*REQUIREMENT:*
Copy the data as given. No line may be skipped.

Stored items
=-=-=-=-=
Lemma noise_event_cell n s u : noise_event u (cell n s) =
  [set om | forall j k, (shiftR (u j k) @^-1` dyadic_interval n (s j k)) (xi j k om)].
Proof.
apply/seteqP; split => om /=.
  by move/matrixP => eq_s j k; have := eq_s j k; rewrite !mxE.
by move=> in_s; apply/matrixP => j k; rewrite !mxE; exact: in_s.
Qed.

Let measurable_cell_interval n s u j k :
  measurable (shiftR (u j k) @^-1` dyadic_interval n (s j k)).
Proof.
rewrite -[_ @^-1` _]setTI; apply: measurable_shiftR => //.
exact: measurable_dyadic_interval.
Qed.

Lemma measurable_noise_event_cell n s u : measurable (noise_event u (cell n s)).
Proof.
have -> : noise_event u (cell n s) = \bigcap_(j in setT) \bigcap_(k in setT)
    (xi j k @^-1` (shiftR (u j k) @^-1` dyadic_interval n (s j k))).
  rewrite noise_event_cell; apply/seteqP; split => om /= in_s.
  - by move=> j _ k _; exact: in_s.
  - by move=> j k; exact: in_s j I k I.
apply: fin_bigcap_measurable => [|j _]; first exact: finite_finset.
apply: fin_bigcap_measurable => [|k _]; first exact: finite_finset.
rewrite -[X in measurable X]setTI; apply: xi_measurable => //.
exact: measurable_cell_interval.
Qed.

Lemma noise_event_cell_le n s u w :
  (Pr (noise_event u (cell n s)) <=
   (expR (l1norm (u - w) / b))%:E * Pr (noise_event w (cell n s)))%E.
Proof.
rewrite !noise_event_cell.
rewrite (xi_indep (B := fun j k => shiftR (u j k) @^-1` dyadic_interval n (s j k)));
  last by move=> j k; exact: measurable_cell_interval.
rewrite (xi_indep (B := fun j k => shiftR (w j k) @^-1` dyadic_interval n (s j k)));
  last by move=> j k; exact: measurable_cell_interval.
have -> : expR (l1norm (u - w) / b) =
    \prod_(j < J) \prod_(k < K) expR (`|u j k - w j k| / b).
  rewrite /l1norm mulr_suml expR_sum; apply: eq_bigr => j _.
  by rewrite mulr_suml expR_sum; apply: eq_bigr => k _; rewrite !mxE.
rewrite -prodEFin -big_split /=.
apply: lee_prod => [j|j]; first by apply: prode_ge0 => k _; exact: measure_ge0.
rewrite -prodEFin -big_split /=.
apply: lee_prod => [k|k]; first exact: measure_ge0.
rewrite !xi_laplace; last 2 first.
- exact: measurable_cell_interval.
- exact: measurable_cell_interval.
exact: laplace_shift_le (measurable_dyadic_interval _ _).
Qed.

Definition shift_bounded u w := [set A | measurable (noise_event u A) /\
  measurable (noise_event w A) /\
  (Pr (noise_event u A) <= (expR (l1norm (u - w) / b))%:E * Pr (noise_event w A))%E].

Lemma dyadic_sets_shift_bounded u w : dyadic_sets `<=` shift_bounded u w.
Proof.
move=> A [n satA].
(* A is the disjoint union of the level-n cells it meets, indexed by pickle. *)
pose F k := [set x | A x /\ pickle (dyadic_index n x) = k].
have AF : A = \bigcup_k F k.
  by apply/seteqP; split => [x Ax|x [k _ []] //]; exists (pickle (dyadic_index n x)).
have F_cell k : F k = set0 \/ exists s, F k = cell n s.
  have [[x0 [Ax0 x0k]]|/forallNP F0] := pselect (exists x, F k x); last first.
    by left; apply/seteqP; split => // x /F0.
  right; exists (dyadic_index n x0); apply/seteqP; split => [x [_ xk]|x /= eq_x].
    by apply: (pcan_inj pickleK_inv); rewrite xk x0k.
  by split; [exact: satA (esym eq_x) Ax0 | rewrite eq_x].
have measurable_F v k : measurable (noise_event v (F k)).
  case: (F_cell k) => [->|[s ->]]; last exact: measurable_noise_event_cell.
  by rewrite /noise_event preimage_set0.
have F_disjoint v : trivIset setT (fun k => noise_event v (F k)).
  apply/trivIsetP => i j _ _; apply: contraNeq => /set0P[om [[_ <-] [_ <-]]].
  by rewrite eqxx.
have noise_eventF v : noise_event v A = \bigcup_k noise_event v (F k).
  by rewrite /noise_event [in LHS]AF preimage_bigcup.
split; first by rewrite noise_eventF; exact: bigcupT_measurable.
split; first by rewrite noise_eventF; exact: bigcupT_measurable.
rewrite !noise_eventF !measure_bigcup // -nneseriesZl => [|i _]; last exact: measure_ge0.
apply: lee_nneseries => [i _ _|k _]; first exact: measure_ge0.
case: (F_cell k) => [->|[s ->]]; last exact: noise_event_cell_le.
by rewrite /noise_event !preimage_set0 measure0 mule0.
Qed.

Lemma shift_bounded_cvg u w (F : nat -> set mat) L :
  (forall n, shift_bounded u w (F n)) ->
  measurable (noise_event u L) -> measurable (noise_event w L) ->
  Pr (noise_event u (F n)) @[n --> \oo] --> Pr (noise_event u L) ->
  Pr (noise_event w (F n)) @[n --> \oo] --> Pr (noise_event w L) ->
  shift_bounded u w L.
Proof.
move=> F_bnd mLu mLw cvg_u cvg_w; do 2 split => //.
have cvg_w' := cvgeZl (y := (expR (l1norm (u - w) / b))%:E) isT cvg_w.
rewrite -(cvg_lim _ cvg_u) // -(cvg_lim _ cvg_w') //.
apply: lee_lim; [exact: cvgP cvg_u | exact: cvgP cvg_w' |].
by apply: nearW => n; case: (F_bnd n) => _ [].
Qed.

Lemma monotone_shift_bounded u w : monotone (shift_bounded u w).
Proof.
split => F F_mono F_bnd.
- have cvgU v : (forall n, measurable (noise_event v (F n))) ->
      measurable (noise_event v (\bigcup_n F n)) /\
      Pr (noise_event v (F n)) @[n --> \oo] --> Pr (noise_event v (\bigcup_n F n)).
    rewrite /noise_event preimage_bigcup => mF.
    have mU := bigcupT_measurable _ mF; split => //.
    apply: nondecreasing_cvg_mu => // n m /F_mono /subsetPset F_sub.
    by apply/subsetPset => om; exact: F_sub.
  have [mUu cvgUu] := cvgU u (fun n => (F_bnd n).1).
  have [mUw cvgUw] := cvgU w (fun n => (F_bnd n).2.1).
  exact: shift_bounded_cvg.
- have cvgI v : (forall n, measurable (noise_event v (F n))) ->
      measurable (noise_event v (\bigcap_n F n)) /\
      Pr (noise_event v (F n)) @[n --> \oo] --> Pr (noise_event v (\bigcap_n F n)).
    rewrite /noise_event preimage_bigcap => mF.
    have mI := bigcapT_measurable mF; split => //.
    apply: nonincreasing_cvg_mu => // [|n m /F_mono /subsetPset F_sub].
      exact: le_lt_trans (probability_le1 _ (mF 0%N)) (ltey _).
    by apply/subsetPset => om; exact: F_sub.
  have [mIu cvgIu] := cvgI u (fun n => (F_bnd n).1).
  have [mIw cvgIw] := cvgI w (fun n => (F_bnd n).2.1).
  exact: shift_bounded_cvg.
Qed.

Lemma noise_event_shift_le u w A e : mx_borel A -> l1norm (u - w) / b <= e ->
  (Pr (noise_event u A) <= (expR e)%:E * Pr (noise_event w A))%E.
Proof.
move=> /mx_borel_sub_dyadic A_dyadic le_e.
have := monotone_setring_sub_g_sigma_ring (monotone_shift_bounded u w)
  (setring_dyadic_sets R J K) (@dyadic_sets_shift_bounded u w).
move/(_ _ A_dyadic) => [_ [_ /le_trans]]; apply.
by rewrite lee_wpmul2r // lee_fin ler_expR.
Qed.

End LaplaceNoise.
=-=-=-=-=
*OUTPUT BELOW:*
Lemma noise_event_cell n s u : noise_event u (cell n s) =
  [set om | forall j k, (shiftR (u j k) @^-1` dyadic_interval n (s j k)) (xi j k om)].
Proof.
apply/seteqP; split => om /=.
  by move/matrixP => eq_s j k; have := eq_s j k; rewrite !mxE.
by move=> in_s; apply/matrixP => j k; rewrite !mxE; exact: in_s.
Qed.

Let measurable_cell_interval n s u j k :
  measurable (shiftR (u j k) @^-1` dyadic_interval n (s j k)).
Proof.
rewrite -[_ @^-1` _]setTI; apply: measurable_shiftR => //.
exact: measurable_dyadic_interval.
Qed.

Lemma measurable_noise_event_cell n s u : measurable (noise_event u (cell n s)).
Proof.
have -> : noise_event u (cell n s) = \bigcap_(j in setT) \bigcap_(k in setT)
    (xi j k @^-1` (shiftR (u j k) @^-1` dyadic_interval n (s j k))).
  rewrite noise_event_cell; apply/seteqP; split => om /= in_s.
  - by move=> j _ k _; exact: in_s.
  - by move=> j k; exact: in_s j I k I.
apply: fin_bigcap_measurable => [|j _]; first exact: finite_finset.
apply: fin_bigcap_measurable => [|k _]; first exact: finite_finset.
rewrite -[X in measurable X]setTI; apply: xi_measurable => //.
exact: measurable_cell_interval.
Qed.

Lemma noise_event_cell_le n s u w :
  (Pr (noise_event u (cell n s)) <=
   (expR (l1norm (u - w) / b))%:E * Pr (noise_event w (cell n s)))%E.
Proof.
rewrite !noise_event_cell.
rewrite (xi_indep (B := fun j k => shiftR (u j k) @^-1` dyadic_interval n (s j k)));
  last by move=> j k; exact: measurable_cell_interval.
rewrite (xi_indep (B := fun j k => shiftR (w j k) @^-1` dyadic_interval n (s j k)));
  last by move=> j k; exact: measurable_cell_interval.
have -> : expR (l1norm (u - w) / b) =
    \prod_(j < J) \prod_(k < K) expR (`|u j k - w j k| / b).
  rewrite /l1norm mulr_suml expR_sum; apply: eq_bigr => j _.
  by rewrite mulr_suml expR_sum; apply: eq_bigr => k _; rewrite !mxE.
rewrite -prodEFin -big_split /=.
apply: lee_prod => [j|j]; first by apply: prode_ge0 => k _; exact: measure_ge0.
rewrite -prodEFin -big_split /=.
apply: lee_prod => [k|k]; first exact: measure_ge0.
rewrite !xi_laplace; last 2 first.
- exact: measurable_cell_interval.
- exact: measurable_cell_interval.
exact: laplace_shift_le (measurable_dyadic_interval _ _).
Qed.

Definition shift_bounded u w := [set A | measurable (noise_event u A) /\
  measurable (noise_event w A) /\
  (Pr (noise_event u A) <= (expR (l1norm (u - w) / b))%:E * Pr (noise_event w A))%E].

Lemma dyadic_sets_shift_bounded u w : dyadic_sets `<=` shift_bounded u w.
Proof.
move=> A [n satA].
(* A is the disjoint union of the level-n cells it meets, indexed by pickle. *)
pose F k := [set x | A x /\ pickle (dyadic_index n x) = k].
have AF : A = \bigcup_k F k.
  by apply/seteqP; split => [x Ax|x [k _ []] //]; exists (pickle (dyadic_index n x)).
have F_cell k : F k = set0 \/ exists s, F k = cell n s.
  have [[x0 [Ax0 x0k]]|/forallNP F0] := pselect (exists x, F k x); last first.
    by left; apply/seteqP; split => // x /F0.
  right; exists (dyadic_index n x0); apply/seteqP; split => [x [_ xk]|x /= eq_x].
    by apply: (pcan_inj pickleK_inv); rewrite xk x0k.
  by split; [exact: satA (esym eq_x) Ax0 | rewrite eq_x].
have measurable_F v k : measurable (noise_event v (F k)).
  case: (F_cell k) => [->|[s ->]]; last exact: measurable_noise_event_cell.
  by rewrite /noise_event preimage_set0.
have F_disjoint v : trivIset setT (fun k => noise_event v (F k)).
  apply/trivIsetP => i j _ _; apply: contraNeq => /set0P[om [[_ <-] [_ <-]]].
  by rewrite eqxx.
have noise_eventF v : noise_event v A = \bigcup_k noise_event v (F k).
  by rewrite /noise_event [in LHS]AF preimage_bigcup.
split; first by rewrite noise_eventF; exact: bigcupT_measurable.
split; first by rewrite noise_eventF; exact: bigcupT_measurable.
rewrite !noise_eventF !measure_bigcup // -nneseriesZl => [|i _]; last exact: measure_ge0.
apply: lee_nneseries => [i _ _|k _]; first exact: measure_ge0.
case: (F_cell k) => [->|[s ->]]; last exact: noise_event_cell_le.
by rewrite /noise_event !preimage_set0 measure0 mule0.
Qed.

Lemma shift_bounded_cvg u w (F : nat -> set mat) L :
  (forall n, shift_bounded u w (F n)) ->
  measurable (noise_event u L) -> measurable (noise_event w L) ->
  Pr (noise_event u (F n)) @[n --> \oo] --> Pr (noise_event u L) ->
  Pr (noise_event w (F n)) @[n --> \oo] --> Pr (noise_event w L) ->
  shift_bounded u w L.
Proof.
move=> F_bnd mLu mLw cvg_u cvg_w; do 2 split => //.
have cvg_w' := cvgeZl (y := (expR (l1norm (u - w) / b))%:E) isT cvg_w.
rewrite -(cvg_lim _ cvg_u) // -(cvg_lim _ cvg_w') //.
apply: lee_lim; [exact: cvgP cvg_u | exact: cvgP cvg_w' |].
by apply: nearW => n; case: (F_bnd n) => _ [].
Qed.

Lemma monotone_shift_bounded u w : monotone (shift_bounded u w).
Proof.
split => F F_mono F_bnd.
- have cvgU v : (forall n, measurable (noise_event v (F n))) ->
      measurable (noise_event v (\bigcup_n F n)) /\
      Pr (noise_event v (F n)) @[n --> \oo] --> Pr (noise_event v (\bigcup_n F n)).
    rewrite /noise_event preimage_bigcup => mF.
    have mU := bigcupT_measurable _ mF; split => //.
    apply: nondecreasing_cvg_mu => // n m /F_mono /subsetPset F_sub.
    by apply/subsetPset => om; exact: F_sub.
  have [mUu cvgUu] := cvgU u (fun n => (F_bnd n).1).
  have [mUw cvgUw] := cvgU w (fun n => (F_bnd n).2.1).
  exact: shift_bounded_cvg.
- have cvgI v : (forall n, measurable (noise_event v (F n))) ->
      measurable (noise_event v (\bigcap_n F n)) /\
      Pr (noise_event v (F n)) @[n --> \oo] --> Pr (noise_event v (\bigcap_n F n)).
    rewrite /noise_event preimage_bigcap => mF.
    have mI := bigcapT_measurable mF; split => //.
    apply: nonincreasing_cvg_mu => // [|n m /F_mono /subsetPset F_sub].
      exact: le_lt_trans (probability_le1 _ (mF 0%N)) (ltey _).
    by apply/subsetPset => om; exact: F_sub.
  have [mIu cvgIu] := cvgI u (fun n => (F_bnd n).1).
  have [mIw cvgIw] := cvgI w (fun n => (F_bnd n).2.1).
  exact: shift_bounded_cvg.
Qed.

Lemma noise_event_shift_le u w A e : mx_borel A -> l1norm (u - w) / b <= e ->
  (Pr (noise_event u A) <= (expR e)%:E * Pr (noise_event w A))%E.
Proof.
move=> /mx_borel_sub_dyadic A_dyadic le_e.
have := monotone_setring_sub_g_sigma_ring (monotone_shift_bounded u w)
  (setring_dyadic_sets R J K) (@dyadic_sets_shift_bounded u w).
move/(_ _ A_dyadic) => [_ [_ /le_trans]]; apply.
by rewrite lee_wpmul2r // lee_fin ler_expR.
Qed.

End LaplaceNoise.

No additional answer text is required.